Book description
The enormously wealthy Durie family occupies a gigantic baroque
turn-of-the-century mansion on Manhattan's Upper East Side. The family,
whose fortune was established in Colonial times, is traditionally shy of
all public notice and proud that no scandal has ever touched its name.
Newly married Michael and Amy Lloyd, bright young teachers in a private
school, suddenly find themselves unemployed and apparently unemployable.
When all cash and credit are gone, Michael and Amy decide to take up
positions on the Durie household staff. But as the Lloyds learn to cope
with their positions as servants they slowly become aware that the
seventy-year-old matriarch Margaret Durie is, for her own unexplained
reasons, enlisting them as her helpless accomplices in a subtly designed
series of events that will ultimately lead to a thunderous scandal . . .

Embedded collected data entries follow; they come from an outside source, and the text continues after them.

(* Let $n\ge3$ be an even integer. Then the number of edges of $OD(\mathcal{D}_n)$ is $$|E(OD(\mathcal{D}_n))|=\frac12\Big(2n-1+(n+1)\sum_{\lambda\mid\frac n2}\phi(2\lambda)+\sum_{\substack{m\mid n,\ m>1\\ m\text{ odd}}}\Big(m-2\phi(m)+\sum_{\lambda\mid\frac nm}\phi(\lambda m)\Big)\phi(m)+\sum_{\substack{m\mid n,\ m>2\\ m\text{ even}}}\Big(n+m-2\phi(m)+\sum_{\lambda\mid\frac nm}\phi(\lambda m)\Big)\phi(m)\Big),$$ where $\phi$ is Euler's totient function.
   Context: The dihedral group $\mathcal{D}_n$ ($n\ge3$) is the group $\langle a,b\mid a^n=b^2=(ab)^2=e\rangle$ of order $2n$. For a finite group $G$, $o(x)$ denotes the order of $x\in G$. The order-divisor graph $OD(G)$ is the simple undirected graph with vertex set $G$, in which two distinct vertices $x,y$ are adjacent if and only if $o(x)\neq o(y)$ and either $o(x)\mid o(y)$ or $o(y)\mid o(x)$. *)

From HB Require Import structures.
From mathcomp Require Import all_boot all_fingroup all_solvable.
Set Implicit Arguments. Unset Strict Implicit. Unset Printing Implicit Defensive.

(* Adjacency of the order-divisor graph OD(G): o(x) <> o(y) and
   o(x) | o(y) or o(y) | o(x).  (Different orders force x <> y.) *)
Definition od_adj (gT : finGroupType) (x y : gT) : bool :=
  (#[x]%g != #[y]%g) && ((#[x]%g %| #[y]%g) || (#[y]%g %| #[x]%g)).

Definition od_edges (gT : finGroupType) : {set {set gT}} :=
  [set [set p.1; p.2] | p in [set p : gT * gT | od_adj p.1 p.2]].

From HB Require Import structures.
From mathcomp Require Import all_boot all_order all_algebra all_fingroup all_solvable.
From mathcomp Require Import zify.
Import GRing.Theory.
Set Implicit Arguments. Unset Strict Implicit. Unset Printing Implicit Defensive.

(* Every edge of OD(G) is counted twice by the ordered pairs of adjacent
   vertices, and adjacency only depends on the orders of the two vertices, so
   2|E| = sum_d N(d) deg(d), where N(d) is the number of elements of order d
   and deg(d) is the sum of N(e) over the e <> d with d | e or e | d.  In D_n
   the rotations form a cyclic group of order n and the n reflections have
   order 2, so N(d) = [d | n] phi(d) + [d = 2] n.  Summing N over the divisors
   and over the multiples of d, which counts e = d twice, gives
   deg(d) + 2 N(d) = d + [2 | d] n + sum_(l | n/d) phi(l d) + [d | 2] n;
   the four terms of the formula are the contributions of d = 1, d = 2, the
   odd d > 1 and the even d > 2. *)

Definition od_rel (d e : nat) : bool := (d != e) && ((d %| e) || (e %| d)).

Lemma od_relC d e : od_rel d e = od_rel e d.
Proof. by rewrite /od_rel eq_sym orbC. Qed.

Lemma od_rel_dvd d e : od_rel d e + 2 * (e == d) = (e %| d) + (d %| e).
Proof.
rewrite /od_rel; case: (eqVneq e d) => [->|ne] /=; first by rewrite dvdnn.
rewrite muln0 addn0.
case de: (d %| e); case ed: (e %| d) => //=.
by move: ne; rewrite eqn_dvd ed de.
Qed.

Section OrderDivisorGraph.
Variable gT : finGroupType.

Definition norder (d : nat) : nat := #|[set z : gT | #[z]%g == d]|.

Lemma od_adj_neq (a b : gT) : od_adj a b -> a != b.
Proof. by case/andP=> ne _; apply: contra ne => /eqP ->. Qed.

Lemma card_od_adj_pairs :
  #|[set p : gT * gT | od_adj p.1 p.2]| = 2 * #|od_edges gT|.
Proof.
set P := [set p : gT * gT | od_adj p.1 p.2].
rewrite -sum1_card (partition_big_imset (fun p : gT * gT => [set p.1; p.2])) /=.
rewrite -/(od_edges gT) mulnC -sum_nat_const.
apply: eq_bigr => _ /imsetP[[a b] /[!inE] /= ab ->].
have fibre : [set p in P | [set p.1; p.2] == [set a; b]] = [set (a, b); (b, a)].
  apply/setP => -[c d]; rewrite !inE /= !xpair_eqE; apply/andP/idP => [[cd /eqP E]|].
    have /set2P c_ab : c \in [set a; b] by rewrite -E set21.
    have /set2P d_ab : d \in [set a; b] by rewrite -E set22.
    have := od_adj_neq cd.
    by case: c_ab d_ab => -> [] ->; rewrite ?eqxx ?orbT.
  case/orP => /andP[/eqP -> /eqP ->]; split => //; last by rewrite setUC.
  by rewrite /od_adj -/(od_rel _ _) od_relC.
rewrite sum1dep_card fibre cards2 xpair_eqE.
by have /negPf -> := od_adj_neq ab.
Qed.
(* Let $R$ be an associative ring with identity and $M$ a left $R$-module which is projective in $\sigma[M]$. Suppose that for every fully invariant submodule $N\leq M$ the factor module $M/N$ has finite uniform dimension. Then the topological space $LgSpec(M)$ is weakly scattered.
   Context: $\Lambda^{fi}(M)$ is the set of fully invariant submodules of $M$. For $N,L\leq M$, $N_ML=\sum\{f(N)\mid f\in\mathrm{Hom}_R(M,L)\}$. $LgSpec(M)$ is the set of submodules $P\neq M$ such that for all $N,L\in\Lambda^{fi}(M)$, $N_ML\subseteq P$ implies $N\subseteq P$ or $L\subseteq P$, with the topology whose open sets are $\{P\in LgSpec(M)\mid N\nsubseteq P\}$, $N\in\Lambda^{fi}(M)$. A topological space $S$ is weakly scattered if every non-empty closed subset $F$ contains a point $x$ that is weakly isolated in $F$, i.e. there is an open set $U$ with $x\in U\cap F\subseteq\overline{\{x\}}$. *)

From mathcomp Require Import all_boot all_order all_algebra.
Set Implicit Arguments. Unset Strict Implicit. Unset Printing Implicit Defensive.
Import GRing.Theory.
Local Open Scope ring_scope.

Section ModuleDefs.
Variable R : pzRingType.

Definition subset_of (T : Type) (A B : T -> Prop) := forall x, A x -> B x.

Definition is_hom (A B : lmodType R) (f : A -> B) : Prop :=
  forall (a : R) (x y : A), f (a *: x + y) = a *: f x + f y.

Definition submod (M : lmodType R) (N : M -> Prop) : Prop :=
  N 0 /\ (forall x y, N x -> N y -> N (x + y)) /\
  (forall (a : R) x, N x -> N (a *: x)).

Definition span (M : lmodType R) (S : M -> Prop) : M -> Prop :=
  fun x => forall P : M -> Prop, submod P -> subset_of S P -> P x.

Definition fully_invariant (M : lmodType R) (N : M -> Prop) : Prop :=
  submod N /\ forall f : M -> M, is_hom f -> forall x, N x -> N (f x).

(* N_M L = sum { f(N) | f in Hom_R(M, L) } *)
Definition prodM (M : lmodType R) (N L : M -> Prop) : M -> Prop :=
  span (fun y => exists f : M -> M, is_hom f /\ (forall x, L (f x)) /\
                  exists x, N x /\ y = f x).

Definition LgSpec (M : lmodType R) (P : M -> Prop) : Prop :=
  submod P /\ ~ (forall x, P x) /\
  forall N L : M -> Prop, fully_invariant N -> fully_invariant L ->
    subset_of (prodM N L) P -> subset_of N P \/ subset_of L P.

Definition LgSpec_pt (M : lmodType R) := {P : M -> Prop | LgSpec P}.

Definition LgSpec_open (M : lmodType R) (U : LgSpec_pt M -> Prop) : Prop :=
  exists N : M -> Prop, fully_invariant N /\
    forall p, U p <-> ~ subset_of N (proj1_sig p).

Definition M_generated (M K : lmodType R) : Prop :=
  forall k : K, span (fun y => exists f : M -> K, is_hom f /\
                         exists x, y = f x) k.

Definition in_sigma (M N : lmodType R) : Prop :=
  exists (K : lmodType R) (i : N -> K), M_generated M K /\ is_hom i /\
    injective i.

Definition projective_in_sigma (M : lmodType R) : Prop :=
  forall (A B : lmodType R), in_sigma M A ->
  forall g : A -> B, is_hom g -> (forall b, exists a, g a = b) ->
  forall h : M -> B, is_hom h ->
  exists f : M -> A, is_hom f /\ forall x, g (f x) = h x.

(* M/N has finite uniform dimension: M/N contains no infinite direct sum of
   nonzero submodules; stated through the correspondence between submodules
   of M/N and submodules K of M with N <= K (K/N nonzero iff K not <= N;
   (K_n/N)_n independent iff K_n /\ sum_{m<>n} K_m <= N). *)
Definition quot_finite_udim (M : lmodType R) (N : M -> Prop) : Prop :=
  ~ exists K : nat -> M -> Prop,
      (forall n, submod (K n) /\ subset_of N (K n) /\ ~ subset_of (K n) N) /\
      (forall n x, K n x -> span (fun y => exists m, m <> n /\ K m y) x -> N x).

End ModuleDefs.

Section Topo.
Variable X : Type.
Variable is_open : (X -> Prop) -> Prop.

Definition is_closed (F : X -> Prop) : Prop :=
  exists U, is_open U /\ forall x, F x <-> ~ U x.

Definition closure1 (x : X) : X -> Prop :=
  fun y => forall F, is_closed F -> F x -> F y.

Definition weakly_isolated (F : X -> Prop) (x : X) : Prop :=
  F x /\ exists U, is_open U /\ U x /\
    forall y, U y -> F y -> closure1 x y.

Definition weakly_scattered : Prop :=
  forall F, is_closed F -> (exists x, F x) -> exists x, weakly_isolated F x.
End Topo.

From Pilot Require Import Defs.
From mathcomp Require Import all_boot all_order all_algebra.
From Stdlib Require Import Classical ClassicalEpsilon.
Set Implicit Arguments. Unset Strict Implicit. Unset Printing Implicit Defensive.
Import GRing.Theory.
Local Open Scope ring_scope.

(* Closed sets of LgSpec(M) are the V(N), open ones the D(N), N fully invariant.
   If a nonempty closed set F had no weakly isolated point, no trace F :&: D(L)
   could be irreducible: otherwise the largest fully invariant submodule lying
   in all its points would itself be a point of LgSpec(M), generic for the
   trace and hence weakly isolated in F, with D(L) as witness. So every
   nonempty trace splits into two disjoint nonempty traces, and iterating
   gives fully invariant A_0, A_1, ... with nonempty, pairwise disjoint traces
   on F. Each point of F then contains all A_n but at most one, so the
   A_n + I, with I the fully invariant core of F, are independent modulo I:
   M/I has infinite uniform dimension. *)

Section Homomorphisms.
Variables (R : pzRingType) (A B : lmodType R) (f : A -> B).
Hypothesis hom_f : is_hom f.
(* Let $n\ge 2$. Then $\mathrm{A}=\Gamma^{\overline{01}}=\Gamma^{\overline{23}}$, where for a subspace $L\subseteq\mathrm{C}$ we write $\Gamma^{L}=\{T\in\mathrm{C}^\times: T L T^{-1}\subseteq L\}$.
   Context: Let $\mathrm{C}$ be either the real Clifford algebra $C\ell_{p,q}$ with $p+q=n$, or the complex Clifford algebra $C\ell(\mathbb{C}^n)$. It has identity $e$ and generators $e_1,\dots,e_n$ satisfying $e_ae_b+e_be_a=2\eta_{ab}e$. In the real case $\eta=\mathrm{diag}(1,\dots,1,-1,\dots,-1)$ with $p$ entries $+1$ and $q$ entries $-1$. In the complex case $\eta=I_n$. $\mathrm{C}^k$ is the grade-$k$ subspace, spanned by the products $e_{a_1}\cdots e_{a_k}$ with $a_1<\dots<a_k$. The reversion $U\mapsto\tilde U$ is the linear anti-automorphism acting on $\mathrm{C}^k$ as multiplication by $(-1)^{k(k-1)/2}$. For $m=0,1,2,3$ let $\mathrm{C}^{\overline m}=\bigoplus_{k\equiv m \pmod 4}\mathrm{C}^k$, and $\mathrm{C}^{\overline{kl}}=\mathrm{C}^{\overline k}\oplus\mathrm{C}^{\overline l}$. $\Gamma^{\overline{kl}}$ denotes $\Gamma^{L}$ with $L=\mathrm{C}^{\overline{kl}}$. $\mathrm{C}^\times$ is the group of invertible elements of $\mathrm{C}$. $\mathrm{Z}$ is the center of $\mathrm{C}$: $\mathrm{Z}=\mathrm{C}^0$ for $n$ even and $\mathrm{Z}=\mathrm{C}^0\oplus\mathrm{C}^n$ for $n$ odd. $\mathrm{Z}^\times$ is the set of invertible elements of $\mathrm{Z}$. Define $\mathrm{A}:=\{T\in\mathrm{C}^\times:\ \tilde T T\in\mathrm{Z}^\times\}$. *)

From HB Require Import structures.
From mathcomp Require Import all_boot all_order all_algebra.
From mathcomp Require Import reals complex.
Set Implicit Arguments. Unset Strict Implicit. Unset Printing Implicit Defensive.
Import Order.TTheory GRing.Theory Num.Theory.
Local Open Scope ring_scope.
(* For every $E\subseteq\mathbb{F}_q^2$, $$\sum_{t\in\mathbb{F}_q^6}\nu_B(t)^2\le \Psi(2,2).$$
   Context: Standing assumptions: $q=p^n$ with $p$ a prime, $p\equiv 3\pmod 4$, $n$ odd. For $x,y\in\mathbb{F}_q^2$, $\|x-y\|=(x_1-y_1)^2+(x_2-y_2)^2$. $O(\mathbb{F}_q^2)$ is the group of $2\times2$ matrices $\theta$ over $\mathbb{F}_q$ with $\theta^T\theta=I$. $\lambda_\theta(w)=|\{(u,v)\in E^2: u-\theta v=w\}|$. For $t\in\mathbb{F}_q^6$, $\nu_B(t)$ is the number of $(x,y,z,u,v)\in E^5$ with $(\|x-y\|,\|x-z\|,\|y-z\|,\|x-u\|,\|x-v\|,\|u-v\|)=t$. For positive integers $a,b$, $$\Psi(a,b)=\sum_{x,x'\in\mathbb{F}_q^2}\ \sum_{\theta,\phi\in O(\mathbb{F}_q^2)}\lambda_\theta(x-\theta x')^a\,\lambda_\phi(x-\phi x')^b.$$ *)

From HB Require Import structures.
From mathcomp Require Import all_boot all_order all_algebra.
Set Implicit Arguments. Unset Strict Implicit. Unset Printing Implicit Defensive.
Import GRing.Theory.
Local Open Scope ring_scope.

Section Defs.
Variable F : finFieldType.

Definition pt := 'cV[F]_2.

Definition sqn (x : pt) : F := \sum_(i < 2) x i ord0 ^+ 2.

Definition Ogrp : {set 'M[F]_2} := [set th : 'M[F]_2 | th^T *m th == 1%:M].

Definition lam (E : {set pt}) (th : 'M[F]_2) (w : pt) : nat :=
  #|[set uv : pt * pt | [&& uv.1 \in E, uv.2 \in E & uv.1 - th *m uv.2 == w]]|.

Definition dvec (x y z u v : pt) : 'rV[F]_6 :=
  \row_(i < 6) nth 0 [:: sqn (x - y); sqn (x - z); sqn (y - z);
                         sqn (x - u); sqn (x - v); sqn (u - v)] i.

and a ghastly death. Stanley Ellin was born in Brooklyn, New York, and
educated at Brooklyn College. He worked as a teacher, a steelworker and
a dairy farmer and served in the US Army in World War Two before
becoming a full-time writer in 1946. His first published short story,
The Speciality of the House
, won him a special Ellery Queen Award. He won two Edgar Awards for
short stories, as well as one for The Eighth Circle
, and the Grand Prix de la Littérature Policière for Mirror, Mirror
on the Wall
. In 1980 he was made a Grand Master of the Mystery Writers of America.